A UU liFE interview with UUFE Board President, Emily Cranwell
Our March 2015 UUFE IdeaFest generated lots of great ideas for UUFE’s future which were eventually written into our Strategic Plan. Now we read in the UU CERG (UU region) blog that church strategic plans are dead ends that will only lead us to “close our doors for good”. The UU CERG blogger urges local UU leaders to reframe strategic planning and shift from:
- Slow and deliberative to nimble and experimental
- Comprehensive and unanimous to targeted and personal
- Knowing the “right” path to learning from success and failure
We asked our UUFE Board President, Emily Cranwell to explore this “shift” and share her vision of the way forward for UUFE.
UU liFE: Do you agree with this basic idea — that nimbleness and risk-taking should replace formal long-range planning for UUFE?
Emily: Yes. I believe that in our ever-changing world, we have no other choice than to remain nimble and open-minded. As our global and local communities change more quickly than we ever imagined, we have to try to be flexible in our thinking in order to keep pace and remain responsive. That doesn’t mean we should be any less deliberate or thoughtful, just that we more frequently need to take the time to reflect and envision our path forward.
UU liFE: Did our March 2015 Ideafest produce a “massive, linear, comprehensive plan” or “agile, bold actions”? Or both?
What Ideafest attempted to do was focus our thinking and harness our imaginations as we looked forward, and I believe we accomplished that. The “Big Ideas” that rose to the top reflect our current values and thinking related to our vision and mission. For example, we heard ideas about better communication, branding, and use of social media. Our Media Ministry has taken that ball and run with it. The new face of the website and our movement towards more online communication, including social media, is a great way that our work is more targeted and personal.
UU liFE: We like to talk about our UUFE successes. But what recent failures can we also learn from?
I wouldn’t describe it as a failure, but there is a realization that we are grappling with how to harness the energies of our volunteers more efficiently. We are in a place familiar to many organizations, where our long-standing volunteers are no longer able to do what they used to. Our newer members need to connect to opportunities that they will find spiritually fulfilling. Today, when families are more scheduled than ever, this is a challenge. As we look at the strategic plans developed in Ideafest, the reality is that we need excited volunteers to carry them out. Even more important are the volunteer efforts that create our Beloved Community and keep it welcoming to all.

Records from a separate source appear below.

(* Let $G$ be a finite Abelian group, let $\hat G$ be its set of irreducible (one-dimensional) representations (characters) $\mu:G\to\mathbb{C}$, and let $g\mapsto U_g$ be a unitary representation of $G$ on a Hilbert space $\mathcal{H}$ having an orthonormal basis $\{|v_\mu\rangle\}_{\mu\in\hat G}$ with $U_g|v_\mu\rangle=\mu(g)|v_\mu\rangle$ for all $g\in G$, $\mu\in\hat G$. Let $|\psi\rangle=\sum_{\mu\in\hat G}a_\mu|v_\mu\rangle$ be a unit vector, and let $\mu_0\in\hat G$ satisfy $|a_{\mu_0}|\ge|a_\mu|$ for all $\mu\in\hat G$. Then conclusive single-state exclusion of the set $\{U_g|\psi\rangle: g\in G\}$ can be done, i.e., there exists a POVM $\{M_g\}_{g\in G}$ on $\mathcal{H}$ with $\langle\psi|U_g^\dagger M_gU_g|\psi\rangle=0$ for all $g\in G$, if and only if $$|a_{\mu_0}|\le\sum_{\mu\in\hat G,\ \mu\neq\mu_0}|a_\mu|.$$
   Context: A POVM $\{M_g\}_{g\in G}$ on $\mathcal{H}$ is a family of positive semidefinite operators with $\sum_{g\in G}M_g=I_{\mathcal{H}}$. Conclusive single-state exclusion of $\{|u_g\rangle\}_{g\in G}$ means the existence of a POVM with $\operatorname{tr}[M_g|u_g\rangle\langle u_g|]=0$ for all $g$. *)

From HB Require Import structures.
From mathcomp Require Import all_boot all_order all_algebra all_fingroup all_solvable all_field all_character.
Set Implicit Arguments. Unset Strict Implicit. Unset Printing Implicit Defensive.
Import Order.TTheory GRing.Theory Num.Theory.
Local Open Scope ring_scope.

Definition adjmx (m p : nat) (A : 'M[algC]_(m, p)) : 'M[algC]_(p, m) :=
  (map_mx Num.conj A)^T.

Definition psd (n : nat) (M : 'M[algC]_n) : Prop :=
  adjmx M = M /\ forall x : 'cV[algC]_n, 0 <= (adjmx x *m M *m x) 0 0.

Definition POVM (gT : finGroupType) (G : {group gT}) (n : nat)
  (M : gT -> 'M[algC]_n) : Prop :=
  (forall g, g \in G -> psd (M g)) /\ \sum_(g in G) M g = 1%:M.

Definition ketbra (n : nat) (u : 'cV[algC]_n) : 'M[algC]_n := u *m adjmx u.

Definition conclusive_exclusion (gT : finGroupType) (G : {group gT}) (n : nat)
  (u : gT -> 'cV[algC]_n) : Prop :=
  exists M : gT -> 'M[algC]_n, POVM G M /\
    forall g, g \in G -> \tr (M g *m ketbra (u g)) = 0.

From HB Require Import structures.
From mathcomp Require Import all_boot all_order all_algebra all_fingroup all_solvable all_field all_character.
From mathcomp Require Import ring lra.
Import Order.TTheory GRing.Theory Num.Theory.
Local Open Scope ring_scope.

Set Implicit Arguments.
Unset Strict Implicit.
Unset Printing Implicit Defensive.

(* Only if: twirling the POVM gives the positive operator N = sum_g U_g^* M_g U_g.
   It annihilates psi, because <psi|N|psi> = sum_g tr(M_g U_g|psi><psi|U_g^* ) = 0,
   and it has unit diagonal <v_mu|N|v_mu> = 1, because the characters of an abelian
   group are unimodular and sum_g M_g = 1.  Reading N psi = 0 in the coordinate mu0
   and bounding the off-diagonal entries of N by Cauchy-Schwarz gives the inequality.
   If: since |a_mu0| is maximal, the inequality says that the moduli |a_mu| are the
   side lengths of a closed polygon, i.e. there are unimodular c_mu with
   sum_mu c_mu^* a_mu = 0.  The vector phi = sum_mu c_mu v_mu is then orthogonal to psi,
   and by the orthogonality of characters M_g = |G|^-1 U_g|phi><phi|U_g^* is a POVM;
   it excludes U_g psi since <U_g phi|U_g psi> = <phi|psi> = 0. *)

Lemma adjmxE m p (A : 'M[algC]_(m, p)) i j : adjmx A i j = (A j i)^*.
Proof. by rewrite !mxE. Qed.

Lemma adjmxK m p (A : 'M[algC]_(m, p)) : adjmx (adjmx A) = A.
Proof. by apply/matrixP=> i j; rewrite !adjmxE conjCK. Qed.

Lemma adjmxD m p (A B : 'M[algC]_(m, p)) : adjmx (A + B) = adjmx A + adjmx B.
Proof. by apply/matrixP=> i j; rewrite !(adjmxE, mxE) rmorphD. Qed.

Lemma adjmxZ m p c (A : 'M[algC]_(m, p)) : adjmx (c *: A) = c^* *: adjmx A.
Proof. by apply/matrixP=> i j; rewrite !(adjmxE, mxE) rmorphM. Qed.

Lemma adjmx_sum m p (I : finType) (P : pred I) (F : I -> 'M[algC]_(m, p)) :
  adjmx (\sum_(i | P i) F i) = \sum_(i | P i) adjmx (F i).
Proof.
apply/matrixP=> i j; rewrite adjmxE !summxE rmorph_sum.
by apply: eq_bigr => k _; rewrite adjmxE.
Qed.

UU liFE: How should we start or continue this shift from slow and deliberate to agile, edgy, and risky?
I think the first step is to change our thinking that this needs to happen every five years, and that the strategic plan should be all encompassing. If we can think through strategic next steps at a more frequent interval, then we will be more responsive without being less deliberate. We need collaborative, creative problem solvers to take on this work as we move forward. We need people willing to trust and support one another as we try out new ways of doing things. As the article states, we need “members to become instruments of strategic thinking and exploration as they minister out in the community. Shifts [in strategic thinking] are not just top-down to bottom-up but also inward focused to outward engaged.” We are all a part of the process now, and it’s happening all the time.